# Stored data

::::::::

Lemma Veps_left_limit k : (1 <= k)%nat -> tau k <= t ->
  filterlim (fun u => Veps G D xs T N eps s u (minus (D eps (xk (k - 1)) (xk k) f) f))
    (at_left (tau k)) (locally (jump_term k)).
Proof.
  intros Hk Hkt. destruct k as [| j]; [lia |].
  unfold jump_term. replace (S j - 1)%nat with j by lia.
  set (y := minus (D eps (xk j) (xk (S j)) f) f).
  pose proof (rescaled_jump_lt T N HT s s_ge0 eps eps_pos j).
  pose proof (rescaled_jump_ge T N HT s s_ge0 eps eps_pos j).
  apply filterlim_ext_loc with (fun u => Vprefix j (G (xk j) (tau j) u y)).
  { exists (mkposreal (tau (S j) - tau j) ltac:(lra)). intros u Hu Hlt.
    change (Rabs (u - tau (S j)) < tau (S j) - tau j) in Hu.
    rewrite Rabs_left in Hu by lra.
    rewrite Veps_decomposition by lra.
    now rewrite (rescaled_count_eq T N HT s s_ge0 eps eps_pos u j) by lra. }
  apply (filterlim_comp _ _ _ (fun u => G (xk j) (tau j) u y) (Vprefix j) _
    (locally (G (xk j) (tau j) (tau (S j)) y))).
  - eapply filterlim_filter_le_1; [| apply G_continuous; [apply tau_J | apply tau_J |]; lra].
    intros P [d HP].
    exists (mkposreal (Rmin d (tau (S j) - tau j)) ltac:(apply Rmin_pos; [apply cond_pos | lra])).
    intros u Hu Hlt. change (Rabs (u - tau (S j)) < Rmin d (tau (S j) - tau j)) in Hu.
    pose proof (Rmin_l d (tau (S j) - tau j)). pose proof (Rmin_r d (tau (S j) - tau j)).
    rewrite Rabs_left in Hu by lra.
    apply HP; [change (Rabs (u - tau (S j)) < d); rewrite Rabs_left; lra |].
    split; [apply J_st |]; lra.
  - apply (@linear_cont R_AbsRing Y Y (Vprefix j)), Vprefix_linear. lra.
Qed.

Lemma Vprefix_S m : tau (S m) <= t ->
  Vprefix (S m) f = plus (Vprefix m (G (xk m) (tau m) (tau (S m)) f)) (jump_term (S m)).
Proof.
  intros Hm. pose proof (rescaled_jump_lt T N HT s s_ge0 eps eps_pos m).
  unfold jump_term. replace (S m - 1)%nat with m by lia.
  rewrite (linear_minus (G (xk m) (tau m) (tau (S m)))) by (apply G_tau_linear; lra).
  rewrite (linear_minus (Vprefix m)) by (apply Vprefix_linear; lra).
  rewrite (@plus_comm Y), (@plus_minus_r Y). apply Vprod_snoc.
Qed.

Lemma is_RInt_integrand_up_to_jump m : tau m <= t ->
  is_RInt integrand s (tau m) (minus (Vprefix m f) (plus f (sum_n_m jump_term 1 m))).
Proof.
  induction m as [| m IH]; intros Hm.
  - replace (tau 0) with s by (unfold rescaled_jump, Teps; simpl; ring).
    rewrite sum_n_m_zero by lia. change (Vprefix 0 f) with f.
    rewrite plus_zero_r, minus_eq_zero. apply (is_RInt_point (V := Y)).
  - pose proof (rescaled_jump_lt T N HT s s_ge0 eps eps_pos m).
    pose proof (is_RInt_Chasles _ _ _ _ _ _ (IH ltac:(lra))
      (is_RInt_integrand_between_jumps m (tau (S m)) ltac:(lra) Hm)) as Hc.
    rewrite (@plus_minus_chain Y) in Hc.
    rewrite Vprefix_S, sum_n_Sm, (@plus_assoc Y), (@minus_plus_cancel_r Y) by (lia || lra).
    exact Hc.
Qed.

::::::::

# Work to complete
Only an exact copy of the lines from the beginning of the listing through the line with "apply filterlim_ext_loc with", both included, belongs in the answer.

# Result for this task
Lemma Veps_left_limit k : (1 <= k)%nat -> tau k <= t ->
  filterlim (fun u => Veps G D xs T N eps s u (minus (D eps (xk (k - 1)) (xk k) f) f))
    (at_left (tau k)) (locally (jump_term k)).
Proof.
  intros Hk Hkt. destruct k as [| j]; [lia |].
  unfold jump_term. replace (S j - 1)%nat with j by lia.
  set (y := minus (D eps (xk j) (xk (S j)) f) f).
  pose proof (rescaled_jump_lt T N HT s s_ge0 eps eps_pos j).
  pose proof (rescaled_jump_ge T N HT s s_ge0 eps eps_pos j).
  apply filterlim_ext_loc with (fun u => Vprefix j (G (xk j) (tau j) u y)).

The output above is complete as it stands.